▶
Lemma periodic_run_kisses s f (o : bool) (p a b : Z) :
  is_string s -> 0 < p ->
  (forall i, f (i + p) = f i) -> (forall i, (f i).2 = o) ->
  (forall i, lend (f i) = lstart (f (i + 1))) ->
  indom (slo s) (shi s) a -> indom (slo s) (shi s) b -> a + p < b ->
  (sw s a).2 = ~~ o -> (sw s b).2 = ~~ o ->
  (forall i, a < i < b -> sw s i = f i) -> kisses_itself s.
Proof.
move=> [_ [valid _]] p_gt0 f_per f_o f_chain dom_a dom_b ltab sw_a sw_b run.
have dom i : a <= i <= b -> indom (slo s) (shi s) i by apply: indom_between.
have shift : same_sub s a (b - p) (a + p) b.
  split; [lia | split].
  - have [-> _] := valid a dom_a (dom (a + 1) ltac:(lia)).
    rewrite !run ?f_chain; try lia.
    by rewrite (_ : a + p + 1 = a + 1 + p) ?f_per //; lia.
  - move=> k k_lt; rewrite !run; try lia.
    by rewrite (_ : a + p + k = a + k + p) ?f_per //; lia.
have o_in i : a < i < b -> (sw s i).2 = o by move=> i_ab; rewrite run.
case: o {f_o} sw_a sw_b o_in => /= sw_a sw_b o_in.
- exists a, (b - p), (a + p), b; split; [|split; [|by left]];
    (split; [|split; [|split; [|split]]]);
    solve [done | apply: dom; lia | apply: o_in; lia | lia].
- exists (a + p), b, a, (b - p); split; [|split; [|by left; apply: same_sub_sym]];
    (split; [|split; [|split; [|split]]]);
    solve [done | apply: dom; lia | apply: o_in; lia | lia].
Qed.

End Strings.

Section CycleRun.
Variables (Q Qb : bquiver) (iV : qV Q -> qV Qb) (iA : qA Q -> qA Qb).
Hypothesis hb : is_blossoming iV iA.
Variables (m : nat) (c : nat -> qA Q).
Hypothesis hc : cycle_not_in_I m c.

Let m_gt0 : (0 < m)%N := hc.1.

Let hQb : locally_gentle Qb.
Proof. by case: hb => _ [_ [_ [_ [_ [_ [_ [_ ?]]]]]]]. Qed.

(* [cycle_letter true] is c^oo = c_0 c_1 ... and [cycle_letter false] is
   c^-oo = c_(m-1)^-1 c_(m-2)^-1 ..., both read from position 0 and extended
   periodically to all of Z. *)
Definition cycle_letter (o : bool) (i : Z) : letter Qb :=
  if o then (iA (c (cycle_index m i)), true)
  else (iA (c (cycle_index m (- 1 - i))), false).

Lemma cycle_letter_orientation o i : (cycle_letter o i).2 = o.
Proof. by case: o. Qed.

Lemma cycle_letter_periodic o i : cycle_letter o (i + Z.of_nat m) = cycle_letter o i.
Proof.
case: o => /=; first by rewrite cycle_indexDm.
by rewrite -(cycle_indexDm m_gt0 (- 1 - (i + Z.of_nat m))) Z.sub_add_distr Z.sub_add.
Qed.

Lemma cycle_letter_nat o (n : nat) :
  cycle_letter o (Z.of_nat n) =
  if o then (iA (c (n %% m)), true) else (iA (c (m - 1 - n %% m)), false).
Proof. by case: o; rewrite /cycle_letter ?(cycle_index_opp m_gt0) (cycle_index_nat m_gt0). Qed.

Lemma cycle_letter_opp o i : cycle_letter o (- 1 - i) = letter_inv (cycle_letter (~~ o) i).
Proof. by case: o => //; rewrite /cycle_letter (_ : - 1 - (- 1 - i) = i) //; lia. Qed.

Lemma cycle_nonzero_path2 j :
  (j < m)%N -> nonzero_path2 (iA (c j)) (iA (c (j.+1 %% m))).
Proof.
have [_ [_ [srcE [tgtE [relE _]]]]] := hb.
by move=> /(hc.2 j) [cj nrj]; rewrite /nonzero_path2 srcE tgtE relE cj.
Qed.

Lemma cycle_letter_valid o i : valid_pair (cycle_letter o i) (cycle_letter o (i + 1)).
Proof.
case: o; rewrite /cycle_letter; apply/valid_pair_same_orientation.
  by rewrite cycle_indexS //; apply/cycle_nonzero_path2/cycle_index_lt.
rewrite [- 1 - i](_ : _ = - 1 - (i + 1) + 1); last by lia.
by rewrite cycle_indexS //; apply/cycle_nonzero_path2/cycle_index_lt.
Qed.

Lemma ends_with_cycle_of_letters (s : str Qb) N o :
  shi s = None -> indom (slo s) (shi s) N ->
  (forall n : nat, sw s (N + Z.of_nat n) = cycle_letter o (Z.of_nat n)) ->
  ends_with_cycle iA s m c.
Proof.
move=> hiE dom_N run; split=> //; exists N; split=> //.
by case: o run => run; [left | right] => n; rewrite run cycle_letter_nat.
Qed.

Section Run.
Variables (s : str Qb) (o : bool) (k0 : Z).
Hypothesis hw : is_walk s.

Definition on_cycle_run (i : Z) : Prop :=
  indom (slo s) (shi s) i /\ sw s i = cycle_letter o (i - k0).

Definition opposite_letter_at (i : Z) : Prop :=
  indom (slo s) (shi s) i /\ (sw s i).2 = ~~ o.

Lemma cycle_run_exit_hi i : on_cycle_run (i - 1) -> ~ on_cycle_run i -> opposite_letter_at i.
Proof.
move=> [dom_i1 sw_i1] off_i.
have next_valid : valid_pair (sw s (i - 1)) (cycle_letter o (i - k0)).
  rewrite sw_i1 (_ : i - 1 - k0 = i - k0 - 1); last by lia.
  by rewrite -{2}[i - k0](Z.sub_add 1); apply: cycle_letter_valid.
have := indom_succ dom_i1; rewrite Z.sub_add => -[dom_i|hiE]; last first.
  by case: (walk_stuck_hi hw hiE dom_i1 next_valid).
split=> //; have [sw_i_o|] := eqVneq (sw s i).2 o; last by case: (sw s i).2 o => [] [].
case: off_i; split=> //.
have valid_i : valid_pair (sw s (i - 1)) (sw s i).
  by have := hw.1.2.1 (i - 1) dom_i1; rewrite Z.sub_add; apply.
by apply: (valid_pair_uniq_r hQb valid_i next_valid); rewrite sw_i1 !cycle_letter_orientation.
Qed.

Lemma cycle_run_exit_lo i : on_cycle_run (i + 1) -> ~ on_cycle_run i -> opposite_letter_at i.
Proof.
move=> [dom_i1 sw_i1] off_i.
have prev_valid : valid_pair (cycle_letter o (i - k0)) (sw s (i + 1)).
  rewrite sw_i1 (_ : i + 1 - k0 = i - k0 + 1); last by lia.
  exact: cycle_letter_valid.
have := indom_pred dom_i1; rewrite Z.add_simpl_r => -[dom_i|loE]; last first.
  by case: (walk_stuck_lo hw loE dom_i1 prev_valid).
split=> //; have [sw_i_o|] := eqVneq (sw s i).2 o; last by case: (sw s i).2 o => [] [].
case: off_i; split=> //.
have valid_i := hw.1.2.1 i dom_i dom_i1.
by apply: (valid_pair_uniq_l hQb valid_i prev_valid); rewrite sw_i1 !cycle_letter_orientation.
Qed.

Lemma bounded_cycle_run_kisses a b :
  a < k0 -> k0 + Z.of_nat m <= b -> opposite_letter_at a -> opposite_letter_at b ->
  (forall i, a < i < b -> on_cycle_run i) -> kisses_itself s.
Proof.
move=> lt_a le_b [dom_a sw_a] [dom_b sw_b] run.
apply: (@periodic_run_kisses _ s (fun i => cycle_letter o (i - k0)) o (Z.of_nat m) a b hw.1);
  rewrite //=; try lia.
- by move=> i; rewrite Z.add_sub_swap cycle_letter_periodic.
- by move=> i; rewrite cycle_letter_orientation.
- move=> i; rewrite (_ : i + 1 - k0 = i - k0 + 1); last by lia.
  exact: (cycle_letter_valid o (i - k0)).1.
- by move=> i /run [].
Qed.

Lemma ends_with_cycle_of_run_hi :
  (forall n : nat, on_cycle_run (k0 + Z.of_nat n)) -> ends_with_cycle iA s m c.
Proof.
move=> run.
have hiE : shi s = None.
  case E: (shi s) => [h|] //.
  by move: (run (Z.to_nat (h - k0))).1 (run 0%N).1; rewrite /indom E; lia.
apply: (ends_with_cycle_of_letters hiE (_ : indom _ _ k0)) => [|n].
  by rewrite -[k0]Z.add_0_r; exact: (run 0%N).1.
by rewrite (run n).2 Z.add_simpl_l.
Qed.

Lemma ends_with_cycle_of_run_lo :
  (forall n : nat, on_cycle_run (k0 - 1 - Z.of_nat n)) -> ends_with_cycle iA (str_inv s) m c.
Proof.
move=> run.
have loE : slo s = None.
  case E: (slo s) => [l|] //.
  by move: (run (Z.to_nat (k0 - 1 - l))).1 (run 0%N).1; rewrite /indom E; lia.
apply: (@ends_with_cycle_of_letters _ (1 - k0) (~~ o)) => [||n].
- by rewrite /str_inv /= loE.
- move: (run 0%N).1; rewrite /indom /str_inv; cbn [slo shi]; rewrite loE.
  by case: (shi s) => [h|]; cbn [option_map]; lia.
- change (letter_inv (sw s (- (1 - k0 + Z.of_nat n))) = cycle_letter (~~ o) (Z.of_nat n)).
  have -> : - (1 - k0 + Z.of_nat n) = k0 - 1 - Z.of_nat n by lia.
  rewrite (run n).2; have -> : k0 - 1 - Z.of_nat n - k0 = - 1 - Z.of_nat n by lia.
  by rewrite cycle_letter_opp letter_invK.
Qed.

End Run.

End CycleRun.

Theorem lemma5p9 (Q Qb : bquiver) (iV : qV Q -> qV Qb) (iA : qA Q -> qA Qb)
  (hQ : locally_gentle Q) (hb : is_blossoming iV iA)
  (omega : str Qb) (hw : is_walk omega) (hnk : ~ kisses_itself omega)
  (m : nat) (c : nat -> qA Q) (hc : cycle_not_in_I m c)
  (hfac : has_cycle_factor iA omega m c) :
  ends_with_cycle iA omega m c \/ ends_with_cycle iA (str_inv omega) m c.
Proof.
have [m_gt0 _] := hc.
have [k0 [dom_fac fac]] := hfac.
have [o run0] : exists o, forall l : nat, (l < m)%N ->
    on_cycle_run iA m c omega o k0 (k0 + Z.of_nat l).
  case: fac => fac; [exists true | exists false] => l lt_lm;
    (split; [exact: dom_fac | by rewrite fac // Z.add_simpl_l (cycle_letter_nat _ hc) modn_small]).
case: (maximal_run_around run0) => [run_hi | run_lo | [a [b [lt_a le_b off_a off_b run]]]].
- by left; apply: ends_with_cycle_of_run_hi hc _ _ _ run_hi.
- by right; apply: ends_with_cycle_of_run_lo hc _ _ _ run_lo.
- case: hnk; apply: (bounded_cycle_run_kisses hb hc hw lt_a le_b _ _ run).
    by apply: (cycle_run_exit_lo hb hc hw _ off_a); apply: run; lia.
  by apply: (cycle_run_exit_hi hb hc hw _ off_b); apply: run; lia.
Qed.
◀
* **TASK TO CARRY OUT**
Above are the entries. Copy exactly the part that opens with the line containing "have -> : - (1" and closes with the line containing "(hQ : locally_gentle", and no more.

* **OUTPUT BELOW**
  have -> : - (1 - k0 + Z.of_nat n) = k0 - 1 - Z.of_nat n by lia.
  rewrite (run n).2; have -> : k0 - 1 - Z.of_nat n - k0 = - 1 - Z.of_nat n by lia.
  by rewrite cycle_letter_opp letter_invK.
Qed.

End Run.

End CycleRun.

Theorem lemma5p9 (Q Qb : bquiver) (iV : qV Q -> qV Qb) (iA : qA Q -> qA Qb)
  (hQ : locally_gentle Q) (hb : is_blossoming iV iA)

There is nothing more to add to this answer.